Our team is much involved in the organisation of the 4th International Statistical Ecology Conference 2014 that will be held in Montpellier (France) the 1-4 July 2014. We have an amazing list of plenary speakers, invited sessions and workshops. Check out the ISEC2014 website for more details!
We have just released a list of frequently asked questions (FAQ) on E-SURGE, a software application that is developed by Rémi Choquet in our team. E-SURGE allows the estimation of demographic parameters based on capture-recapture data. It relies on the multievent modeling framework developed by Roger Pradel to deal with uncertainty in the assignment of states to individuals. We will do our best to keep a list of applications updated. Do not hesitate to get back to us if you have any comments on the FAQ.
A new paper by a former PhD student of the team, Lucile Marescot, now a post-doc at UC Davis.
Marescot, L., Chapron, G., Chadès, I., Fackler, P., Duchamp, C., Marboutin, E. and O. Gimenez (2013). Complex decisions made simple: A primer on stochastic dynamic programming. Methods in Ecology and Evolution. In press. DOI: 10.1111/2041-210X.12082. PDF on request.
This review and tutorial paper (with R code) is about dynamic programming, a powerful mathematical technique to make decisions in presence of uncertainty. This paper would not have been born without the help of Guillaume Chapron, population modeller and large carnivores specialist, as well as Iadine Chadès and Paul Fackler both world experts in the field of decision making.
1. Under increasing environmental and financial constraints, ecologists are faced with making decisions about dynamic and uncertain biological systems.

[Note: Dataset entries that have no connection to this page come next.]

(* Let $n\ge0$ and, for $0\le k\le n$, let $\mathbf b^{(k)}\in\mathbb R^{n+1}$ be given by $\mathbf b^{(k)}_i=\binom{k}{i}$. Define $$\mathbf v^{\pm}_{(k)}=2^{\frac{n-k}{2}}\,\mathbf b^{(k)}\pm2^{\frac k2}\,\mathbf b^{(n-k)}.$$ Then $K^{(n)}\mathbf v^{\pm}_{(k)}=\pm2^{n/2}\,\mathbf v^{\pm}_{(k)}$ for every $k$. Moreover, the vectors $\mathbf v^{+}_{(k)}$ for $0\le k\le n/2$ together with $\mathbf v^{-}_{(k)}$ for $0\le k<n/2$ form a basis of $\mathbb R^{n+1}$; hence $K^{(n)}$ is diagonalizable with eigenvalue $2^{n/2}$ of multiplicity $\lfloor n/2\rfloor+1$ and eigenvalue $-2^{n/2}$ of multiplicity $\lceil n/2\rceil$.
   Context: For an integer $n\ge 0$, the $n$-th Krawtchouk matrix $K^{(n)}$ is the $(n+1)\times(n+1)$ integer matrix with rows and columns indexed by $0,1,\dots,n$, whose entries are defined by $(1+t)^{n-q}(1-t)^q=\sum_{p=0}^n K^{(n)}_{pq}\,t^p$. *)

(* Real numbers are modelled by an arbitrary real closed field R
   (which contains sqrt 2); 2^(x/2) is written (Num.sqrt 2)^+x. *)
From HB Require Import structures.
From mathcomp Require Import all_boot all_order all_algebra.
Set Implicit Arguments. Unset Strict Implicit. Unset Printing Implicit Defensive.
Import Order.TTheory GRing.Theory Num.Theory.
Local Open Scope ring_scope.

Definition kraw (R : comNzRingType) (n : nat) : 'M[R]_(n.+1) :=
  \matrix_(p < n.+1, q < n.+1)
    (((1 + 'X) ^+ (n - q) * (1 - 'X) ^+ q : {poly R})`_p).

Definition bvec (R : comNzRingType) (n k : nat) : 'cV[R]_(n.+1) :=
  \col_(i < n.+1) ('C(k, i))%:R.

Definition vplus (R : rcfType) (n k : nat) : 'cV[R]_(n.+1) :=
  (Num.sqrt (2 : R)) ^+ (n - k) *: bvec R n k + (Num.sqrt (2 : R)) ^+ k *: bvec R n (n - k).
Definition vminus (R : rcfType) (n k : nat) : 'cV[R]_(n.+1) :=
  (Num.sqrt (2 : R)) ^+ (n - k) *: bvec R n k - (Num.sqrt (2 : R)) ^+ k *: bvec R n (n - k).

(* Column q of K^(n) lists the coefficients of (1+t)^(n-q) (1-t)^q, so K^(n) b^(k)
   lists those of  sum_j C(k,j) (1+t)^(n-j) (1-t)^j = ((1+t) + (1-t))^k (1+t)^(n-k),
   i.e. K^(n) b^(k) = 2^k b^(n-k); with 2^k = 2^(k/2) 2^(k/2) the eigenvector
   relations for v^+ and v^- follow. Sums and differences of v^+_(k) and v^-_(k)
   recover every b^(j), and the b^(j) are the rows of the unitriangular Pascal
   matrix, so the listed v^+, v^- form a basis W. Then W^-1 K^(n) W is diagonal,
   which gives diagonalizability and the characteristic polynomial; each
   eigenspace has dimension at least the number of basis vectors it contains, and
   the two eigenspaces meet trivially, so these bounds are attained. *)

From HB Require Import structures.
From mathcomp Require Import all_boot all_order all_algebra.
From mathcomp Require Import zify.
Import Order.TTheory GRing.Theory Num.Theory.
Local Open Scope ring_scope.

Section MatrixOfColumns.
Context {F : fieldType} {m : nat}.
Implicit Types (X : seq 'cV[F]_m).

Definition mx_of_cols X : 'M[F]_m := (\matrix_(j < m) (X`_j)^T)^T.

Lemma mulmx_mx_of_cols X (c : 'cV[F]_m) :
  mx_of_cols X *m c = \sum_(j < m) c j 0 *: X`_j.
Proof.
apply/matrixP => i k; rewrite (ord1 k) !mxE summxE.
by apply: eq_bigr => j _; rewrite !mxE mulrC.
Qed.

Lemma tr_sub_mx_of_cols {X x} : size X = m -> x \in X ->
  (x^T <= (mx_of_cols X)^T)%MS.
Proof.
move=> sizeX /(nthP 0) [j]; rewrite sizeX => lt_j_m <-.
by rewrite -[(X`_j)^T](rowK (fun j : 'I_m => (X`_j)^T) (Ordinal lt_j_m)) trmxK row_sub.
Qed.

Lemma basis_of_mx_of_cols {X} : size X = m -> mx_of_cols X \in unitmx ->
  basis_of fullv X.
Proof.
move=> sizeX W_unit; rewrite basisEdim sizeX dimvf /dim /= muln1 leqnn andbT.
apply/subvP => v _; rewrite -[v](mulKVmx W_unit) mulmx_mx_of_cols.
by apply: memv_suml => j _; apply/memvZ/memv_span/mem_nth; rewrite sizeX.
Qed.

Lemma mulmx_mx_of_cols_eigen {X} {d : 'rV[F]_m} {K : 'M[F]_m} :
  (forall j : 'I_m, K *m X`_j = d 0 j *: X`_j) ->
  K *m mx_of_cols X = mx_of_cols X *m diag_mx d.
Proof.
move=> eigX; apply/matrixP => i j; rewrite mul_mx_diag.
have := congr1 (fun v : 'cV_m => v i 0) (eigX j); rewrite !mxE mulrC => <-.
by apply: eq_bigr => l _; rewrite !mxE.
Qed.

End MatrixOfColumns.

Lemma char_poly_similar {F : fieldType} {m : nat} {K D W : 'M[F]_m} :
  W \in unitmx -> K *m W = W *m D -> char_poly K = char_poly D.
Proof.
move=> W_unit KW; pose Wp := map_mx polyC W.
have charW : char_poly_mx K *m Wp = Wp *m char_poly_mx D.
  by rewrite /char_poly_mx mulmxBl mulmxBr scalar_mxC -!map_mxM KW.
apply: (@mulIf _ (\det Wp)).
  by rewrite /Wp det_map_mx polyC_eq0 -unitfE -unitmxE.
by rewrite /char_poly -det_mulmx charW det_mulmx mulrC.
Qed.

Lemma mxrank_eigenspaces_le {F : fieldType} {m : nat} (K : 'M[F]_m) {a b : F} :
  a != b -> (\rank (eigenspace K a) + \rank (eigenspace K b) <= m)%N.
Proof.
move=> a_neq_b; rewrite -[X in (_ <= X)%N]addn0.
set C := (eigenspace K a :&: eigenspace K b)%MS.
have /eigenspaceP CKa : (C <= eigenspace K a)%MS by apply: capmxSl.
have /eigenspaceP CKb : (C <= eigenspace K b)%MS by apply: capmxSr.
have C0 : C = 0.
  have : (a - b) *: C = 0 by rewrite scalerBl -CKa CKb subrr.
  by move/eqP; rewrite scalemx_eq0 subr_eq0 (negbTE a_neq_b) => /eqP.
rewrite -(mxrank0 F m m) -C0 -mxrank_sum_cap.
by rewrite -[m in (_ <= m + _)%N](mxrank1 F m) leq_add2r mxrankS ?submx1.
Qed.

Definition step_row {F : fieldType} {m : nat} (p : nat) (a b : F) : 'rV[F]_m :=
  \row_(j < m) (if (j < p)%N then a else b).

Section StepDiagonal.
Context {F : fieldType} {m p : nat} {a b : F} {K W : 'M[F]_m}.
Hypotheses (p_le_m : (p <= m)%N) (W_unit : W \in unitmx).
Hypothesis KW : K *m W = W *m diag_mx (step_row p a b).

Let P := invmx W.

Let PK : P *m K = diag_mx (step_row p a b) *m P.
Proof.
rewrite -[LHS]mulmx1 -(mulmxV W_unit) -/P mulmxA -(mulmxA P) KW.
by rewrite !mulmxA mulVmx ?mul1mx.
Qed.

Lemma diagonalizable_step : diagonalizable K.
Proof.
exists P; first by rewrite unitmx_inv.
by apply/similar_diagPex; exists (step_row p a b); apply/similarP; rewrite ?unitmx_inv.
Qed.

Lemma char_poly_step :
  char_poly K = ('X - a%:P) ^+ p * ('X - b%:P) ^+ (m - p).
Proof.
rewrite (char_poly_similar W_unit KW) char_poly_trig ?diag_mx_is_trig //.
under eq_bigr => i _ do rewrite mxE eqxx mulr1n mxE.
rewrite -(big_mkord xpredT (fun i => 'X - (if (i < p)%N then a else b)%:P)).
rewrite (big_cat_nat (n := p)) //=.
rewrite (eq_big_nat _ _ (F2 := fun=> 'X - a%:P)) => [|i /andP [_ ->] //].
rewrite [X in _ * X](eq_big_nat _ _ (F2 := fun=> 'X - b%:P)) => [|i /andP [pi _]].
  by rewrite !prodr_const_nat subn0.
by rewrite ltnNge pi.
Qed.

Let pid_mx_step : (pid_mx p : 'M[F]_m) *m diag_mx (step_row p a b) = a *: pid_mx p.
Proof.
apply/matrixP => i j; rewrite mul_mx_diag !mxE.
by case: eqP => [-> | _]; case: ltnP; rewrite /= ?mulr1 ?mul1r ?mulr0 ?mul0r.
Qed.

Let copid_mx_step : (copid_mx p : 'M[F]_m) *m diag_mx (step_row p a b) = b *: copid_mx p.
Proof.
apply/matrixP => i j; rewrite mul_mx_diag !mxE.
case: (eqVneq i j) => [-> | ij]; last first.
  by have /negbTE -> : (i : nat) != j by []; rewrite subrr mul0r mulr0.
by rewrite eqxx; case: ltnP; rewrite /= ?subrr ?subr0 ?mulr1 ?mul1r ?mulr0 ?mul0r.
Qed.

Let P_free : row_free P. Proof. by rewrite row_free_unit unitmx_inv. Qed.

(* [eigenspace] consists of left eigenvectors: here the rows of [W^-1]. *)
Let rank_eigenspace_l_ge : (p <= \rank (eigenspace K a))%N.
Proof.
rewrite -[p in (p <= _)%N](@rank_pid_mx F m m p) // -(mxrankMfree _ P_free).
by apply/mxrankS/eigenspaceP; rewrite -mulmxA PK mulmxA pid_mx_step scalemxAl.
Qed.

Let rank_eigenspace_r_ge : (m - p <= \rank (eigenspace K b))%N.
Proof.
rewrite -(rank_copid_mx F p_le_m) -(mxrankMfree _ P_free).
by apply/mxrankS/eigenspaceP; rewrite -mulmxA PK mulmxA copid_mx_step scalemxAl.
Qed.

Hypothesis a_neq_b : a != b.

Lemma rank_eigenspace_step_l : \rank (eigenspace K a) = p.
Proof. have := mxrank_eigenspaces_le K a_neq_b; lia. Qed.

Lemma rank_eigenspace_step_r : \rank (eigenspace K b) = (m - p)%N.
Proof. have := mxrank_eigenspaces_le K a_neq_b; lia. Qed.

End StepDiagonal.

Lemma coef_1DX_exp {R : comNzRingType} (k i : nat) :
  ((1 + 'X : {poly R}) ^+ k)`_i = ('C(k, i))%:R.
Proof.
elim: k i => [|k IHk] i; first by rewrite expr0 coef1 bin0n; case: i.
rewrite exprSr mulrDr mulr1 coefD coefMX !IHk.
by case: i => [|i] /=; rewrite ?bin0 ?addr0 // binS natrD.
Qed.

Lemma sum_binomial_shift {R : comNzRingType} (x y : R) {n k : nat} :
  (k <= n)%N ->
  \sum_(j < n.+1) x ^+ (n - j) * y ^+ j *+ 'C(k, j) = (x + y) ^+ k * x ^+ (n - k).
Proof.
move=> le_k_n; rewrite exprDn mulr_suml.
rewrite (big_ord_widen n.+1
  (fun j => x ^+ (k - j) * y ^+ j *+ 'C(k, j) * x ^+ (n - k))) //.
rewrite [RHS]big_mkcond; apply: eq_bigr => j _; case: ifP => [lt_j_k | /negbT].
  by rewrite mulrnAl mulrAC -exprD; congr (_ * _ *+ _); congr (_ ^+ _); lia.
by rewrite -leqNgt => /bin_small ->; rewrite mulr0n.
Qed.

Lemma kraw_bvec {R : comNzRingType} (n k : nat) : (k <= n)%N ->
  kraw R n *m bvec R n k = 2 ^+ k *: bvec R n (n - k).
Proof.
move=> le_k_n; apply/matrixP => i l; rewrite !mxE.
have := congr1 (fun q : {poly R} => q`_i) (sum_binomial_shift (1 + 'X) (1 - 'X) le_k_n).
rewrite /= coef_sum addrACA subrr addr0 -polyC1 -polyCD -rmorphXn coefCM coef_1DX_exp.
by move=> <-; apply: eq_bigr => j _; rewrite !mxE coefMn mulr_natr.
Qed.

Definition pascal_mx {R : comNzRingType} (n : nat) : 'M[R]_n :=
  \matrix_(i < n, j < n) ('C(i, j))%:R.

Lemma pascal_mx_unit {R : comUnitRingType} (n : nat) : @pascal_mx R n \in unitmx.
Proof.
rewrite unitmxE det_trig; last by apply/is_trig_mxP => i j lt_ij; rewrite mxE bin_small.
by rewrite big1 ?unitr1 // => i _; rewrite mxE binn.
Qed.

Lemma row_pascal_mx {R : comNzRingType} (n : nat) (j : 'I_n.+1) :
  row j (pascal_mx n.+1) = (bvec R n j)^T.
Proof. by apply/rowP => i; rewrite !mxE. Qed.

Section KrawtchoukEigenvectors.
Variables (R : rcfType) (n : nat).
Local Notation s := (Num.sqrt (2 : R)).

Lemma two_exp_sqrt (k : nat) : (2 : R) ^+ k = s ^+ k.*2.
Proof. by rewrite -mul2n exprM sqr_sqrtr ?ler0n. Qed.

Lemma kraw_vplus (k : nat) : (k <= n)%N ->
  kraw R n *m vplus R n k = s ^+ n *: vplus R n k.
Proof.
move=> le_k_n; rewrite /vplus mulmxDr -!scalemxAr !kraw_bvec ?leq_subr // subKn //.
rewrite !scalerA scalerDr !scalerA addrC !two_exp_sqrt -!exprD.
by congr (_ *: _ + _ *: _); congr (_ ^+ _); lia.
Qed.

Lemma kraw_vminus (k : nat) : (k <= n)%N ->
  kraw R n *m vminus R n k = - s ^+ n *: vminus R n k.
Proof.
move=> le_k_n; rewrite /vminus mulmxBr -!scalemxAr !kraw_bvec ?leq_subr // subKn //.
rewrite !scalerA scalerBr !scalerA !two_exp_sqrt !mulNr !scaleNr -!exprD opprK addrC.
by congr (- (_ *: _) + _ *: _); congr (_ ^+ _); lia.
Qed.

Lemma vplusD_vminus (k : nat) :
  vplus R n k + vminus R n k = (s ^+ (n - k) *+ 2) *: bvec R n k.
Proof. by rewrite /vplus /vminus addrACA subrr addr0 -scalerMnl mulr2n. Qed.

Lemma vplusB_vminus (k : nat) :
  vplus R n k - vminus R n k = (s ^+ k *+ 2) *: bvec R n (n - k).
Proof. by rewrite /vplus /vminus opprB addrC addrA subrK -scalerMnl mulr2n. Qed.

Lemma vminus_half (k : nat) : k.*2 = n -> vminus R n k = 0.
Proof. by move=> n_eq; rewrite /vminus (_ : (n - k = k)%N) ?subrr //; lia. Qed.

Lemma bvec_tr_sub (r : nat) (M : 'M[R]_(r, n.+1)) :
  (forall k, (k.*2 <= n)%N -> ((vplus R n k)^T <= M)%MS) ->
  (forall k, (k.*2 < n)%N -> ((vminus R n k)^T <= M)%MS) ->
  forall j, (j <= n)%N -> ((bvec R n j)^T <= M)%MS.
Proof.
move=> vplusM vminusM j le_j_n.
have unscale (c : R) (v : 'cV[R]_n.+1) : c != 0 -> ((c *: v)^T <= M)%MS -> (v^T <= M)%MS.
  move=> c_neq0; rewrite linearZ /= => /(scalemx_sub c^-1).
  by rewrite scalerA mulVf // scale1r.
have c_neq0 (k : nat) : s ^+ k *+ 2 != 0.
  by apply: lt0r_neq0; rewrite pmulrn_lgt0 // exprn_gt0 // sqrtr_gt0 ltr0n.
case: (ltngtP j.*2 n) => [lt_2j_n | lt_n_2j | eq_2j_n].
- apply: (unscale _ _ (c_neq0 (n - j)%N)); rewrite -vplusD_vminus linearD /=.
  by rewrite addmx_sub ?vplusM ?vminusM // ltnW.
- have lt_2k_n : ((n - j).*2 < n)%N by lia.
  rewrite -(subKn le_j_n); apply: (unscale _ _ (c_neq0 (n - j)%N)).
  rewrite -vplusB_vminus linearB /= addmx_sub ?vplusM ?(ltnW lt_2k_n) //.
  by rewrite -scaleN1r scalemx_sub ?vminusM.
- apply: (unscale _ _ (c_neq0 (n - j)%N)).
  by rewrite -vplusD_vminus vminus_half // addr0 vplusM // eq_2j_n.
Qed.

Definition kraw_eigvecs : seq 'cV[R]_(n.+1) :=
  [seq vplus R n k | k <- iota 0 (n./2).+1] ++
  [seq vminus R n k | k <- iota 0 (uphalf n)].

Local Notation X := kraw_eigvecs.

Lemma size_kraw_eigvecs : size X = n.+1.
Proof. by rewrite size_cat !size_map !size_iota uphalfE -!divn2; lia. Qed.

Lemma vplus_in_eigvecs (k : nat) : (k.*2 <= n)%N -> vplus R n k \in X.
Proof.
by move=> le_2k_n; rewrite mem_cat map_f // mem_iota -divn2; lia.
Qed.

Lemma vminus_in_eigvecs (k : nat) : (k.*2 < n)%N -> vminus R n k \in X.
Proof.
by move=> lt_2k_n; rewrite mem_cat orbC map_f // mem_iota uphalfE -divn2; lia.
Qed.

Lemma kraw_eigvecs_unit : mx_of_cols X \in unitmx.
Proof.
rewrite -unitmx_tr -row_full_unit -sub1mx.
have pascal_full : (1%:M <= @pascal_mx R n.+1)%MS.
  by rewrite sub1mx row_full_unit pascal_mx_unit.
apply: submx_trans pascal_full _; apply/row_subP => j; rewrite row_pascal_mx.
apply: bvec_tr_sub => [k le_2k_n | k lt_2k_n | ]; last by rewrite -ltnS.
- exact/tr_sub_mx_of_cols/vplus_in_eigvecs/le_2k_n/size_kraw_eigvecs.
- exact/tr_sub_mx_of_cols/vminus_in_eigvecs/lt_2k_n/size_kraw_eigvecs.
Qed.

Lemma kraw_eigvecs_eigen (j : 'I_n.+1) :
  kraw R n *m X`_j = step_row (n./2).+1 (s ^+ n) (- s ^+ n) 0 j *: X`_j.
Proof.
have lt_j_n := ltn_ord j.
rewrite mxE nth_cat size_map size_iota; case: ltnP => [lt_j_p | le_p_j].
  by rewrite (nth_map 0%N) ?size_iota // nth_iota // kraw_vplus //; lia.
have lt_jp_q : (j - (n./2).+1 < uphalf n)%N by rewrite uphalfE -divn2; lia.
by rewrite (nth_map 0%N) ?size_iota // nth_iota // kraw_vminus //; lia.
Qed.

End KrawtchoukEigenvectors.

Theorem mainTheorem13 (R : rcfType) (n : nat) :
  let a : R := (Num.sqrt (2 : R)) ^+ n in
  (forall k : nat, (k <= n)%N ->
     kraw R n *m vplus R n k = a *: vplus R n k /\
     kraw R n *m vminus R n k = - a *: vminus R n k) /\
  basis_of fullv
    ([seq vplus R n k | k <- iota 0 (n./2).+1] ++
     [seq vminus R n k | k <- iota 0 (uphalf n)]) /\
  diagonalizable (kraw R n) /\
  char_poly (kraw R n) = ('X - a%:P) ^+ (n./2).+1 * ('X + a%:P) ^+ (uphalf n) /\
  \rank (eigenspace (kraw R n) a) = (n./2).+1 /\
  \rank (eigenspace (kraw R n) (- a)) = uphalf n.
Proof.
move=> a.
have p_le_m : ((n./2).+1 <= n.+1)%N by rewrite -divn2; lia.
have m_sub_p : (n.+1 - (n./2).+1)%N = uphalf n by rewrite uphalfE -divn2; lia.
have a_neq_Na : a != - a.
  by rewrite -addr_eq0 lt0r_neq0 // addr_gt0 // exprn_gt0 // sqrtr_gt0 ltr0n.
have W_unit := kraw_eigvecs_unit R n.
have KW := mulmx_mx_of_cols_eigen (kraw_eigvecs_eigen R n).
split; first by move=> k le_k_n; split; [exact: kraw_vplus | exact: kraw_vminus].
split; first exact: basis_of_mx_of_cols (size_kraw_eigvecs R n) W_unit.
split; first exact: diagonalizable_step W_unit KW.
rewrite -m_sub_p (char_poly_step p_le_m W_unit KW) polyCN opprK.
by rewrite (rank_eigenspace_step_l p_le_m W_unit KW a_neq_Na)
  (rank_eigenspace_step_r p_le_m W_unit KW a_neq_Na).
Qed.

To do so, stochastic dynamic programming (SDP) is the most relevant tool for determining an optimal sequence of decisions over time.
2. Despite an increasing number of applications in ecology, SDP still suffers from a lack of widespread understanding. The required mathematical and programming knowledge as well as the absence of introductory material provide plausible explanations for this.
3. Here, we fill this gap by explaining the main concepts of SDP and providing useful guidelines to implement this technique, including R code.
4. We illustrate each step of SDP required to derive an optimal strategy using a wildlife management problem of the French wolf population. Our results show how the determination of optimal policies is sensitive to the incorporation of uncertainty.
5. SDP is a powerful technique to make decisions in presence of uncertainty about biological stochastic systems changing through time. We hope this review will provide an entry point into the technical literature about SDP and will improve its application in ecology.